§ PROVIDED DATA
(* Let $A\in\mathbb{C}^{n\times m}$, $\alpha_1\ge1/\sqrt n$, $\alpha_2\ge1/\sqrt m$, $U=\{u\in\mathbb{C}^n:\|u\|\le\alpha_1,\operatorname{Re}(u)\ge0,\sum_iu_i=1\}$, $V=\{v\in\mathbb{C}^m:\|v\|\le\alpha_2,\operatorname{Re}(v)\ge0,\sum_iv_i=1\}$. Let $\mu_B\in\mathbb{C}^{1\times n}$, $b\in\mathbb{R}$, $\mu_D\in\mathbb{C}^{1\times m}$, $d\in\mathbb{R}$, and let $(\Gamma_B,J_B)$, $(\Gamma_D,J_D)$ be the covariance and pseudo-covariance matrices of complex random row vectors $B\in\mathbb{C}^{1\times n}$, $D\in\mathbb{C}^{1\times m}$. For $p=(p_1,p_2)$ set $$S_1(p_1)=\Big\{u\in U:\operatorname{Re}(\mu_Bu)+k_{p_1}\sqrt{\tfrac12\big(u^H\Gamma_Bu+\operatorname{Re}(u^TJ_Bu)\big)}\le b\Big\},$$ $$S_2(p_2)=\Big\{v\in V:\operatorname{Re}(\mu_Dv)-k_{p_2}\sqrt{\tfrac12\big(v^H\Gamma_Dv+\operatorname{Re}(v^TJ_Dv)\big)}\ge d\Big\},$$ where for each $j$, $k_{p_j}$ and the range of $p_j$ are given by one of the following cases: (i) CES distribution: $p_j\in[0.5,1)$, $k_{p_j}=\Phi^{-1}(p_j)$; (ii) known first two moments: $p_j\in(0,1)$, $k_{p_j}=\sqrt{p_j/(1-p_j)}$; (iii) unknown second-order moment: $p_j\in(0,1)$, $k_{p_j}=\sqrt{p_j/(1-p_j)}$; (iv) unknown moments (proper case): $p_j\in(0,1)$, $k_{p_j}=\sqrt{p_j/(1-p_j)}\sqrt{\zeta_2}+\sqrt{\zeta_1}$ with constants $\zeta_1,\zeta_2\ge0$. Assume there exist $u\in S_1(p_1)$ and $v\in S_2(p_2)$ for which all defining inequality constraints hold strictly. Then the game $G(p)=\max_{u\in S_1(p_1)}\min_{v\in S_2(p_2)}\operatorname{Re}(u^HAv)$ admits a saddle-point equilibrium, i.e. there exists $(u^\star,v^\star)\in S_1(p_1)\times S_2(p_2)$ with $$\operatorname{Re}(u^HAv^\star)\le\operatorname{Re}(u^{\star H}Av^\star)\le\operatorname{Re}(u^{\star H}Av)\qquad\forall(u,v)\in S_1(p_1)\times S_2(p_2).$$
   Context: $\|\cdot\|$ is the Euclidean norm, $^H$ conjugate transpose, $\operatorname{Re}(u)\ge0$ componentwise. The quantities $\tfrac12(u^H\Gamma_Bu+\operatorname{Re}(u^TJ_Bu))$ and $\tfrac12(v^H\Gamma_Dv+\operatorname{Re}(v^TJ_Dv))$ are, by the paper's convention, the variances of $\operatorname{Re}(Bu)$ and $\operatorname{Re}(Dv)$, hence nonnegative (positive semidefinite quadratic forms in $(\operatorname{Re}u,\operatorname{Im}u)$, resp. $(\operatorname{Re}v,\operatorname{Im}v)$). $\Phi^{-1}$ is the inverse cumulative distribution function (quantile function) of the standard complex elliptically symmetric distribution used in the chance-constraint reformulation. A complex elliptically symmetric distribution with mean $\mu$, covariance $\Gamma$, pseudo-covariance $J$ has characteristic function $\exp(i\operatorname{Re}(z^H\mu))\,\psi(z^H\Gamma z+\operatorname{Re}(z^HJ\bar z))$ for some generator $\psi$. *)

From mathcomp Require Import all_boot all_algebra.
From mathcomp Require Import complex.
From mathcomp Require Import all_classical all_reals all_analysis.
Set Implicit Arguments. Unset Strict Implicit. Unset Printing Implicit Defensive.
Import GRing.Theory Num.Theory.
Local Open Scope ring_scope.
Local Open Scope classical_set_scope.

§ EXERCISE DIRECTIONS
Go through the records above and return each line in which the word "Scope" occurs.

§ ANSWER BOX
Local Open Scope ring_scope.
Local Open Scope classical_set_scope.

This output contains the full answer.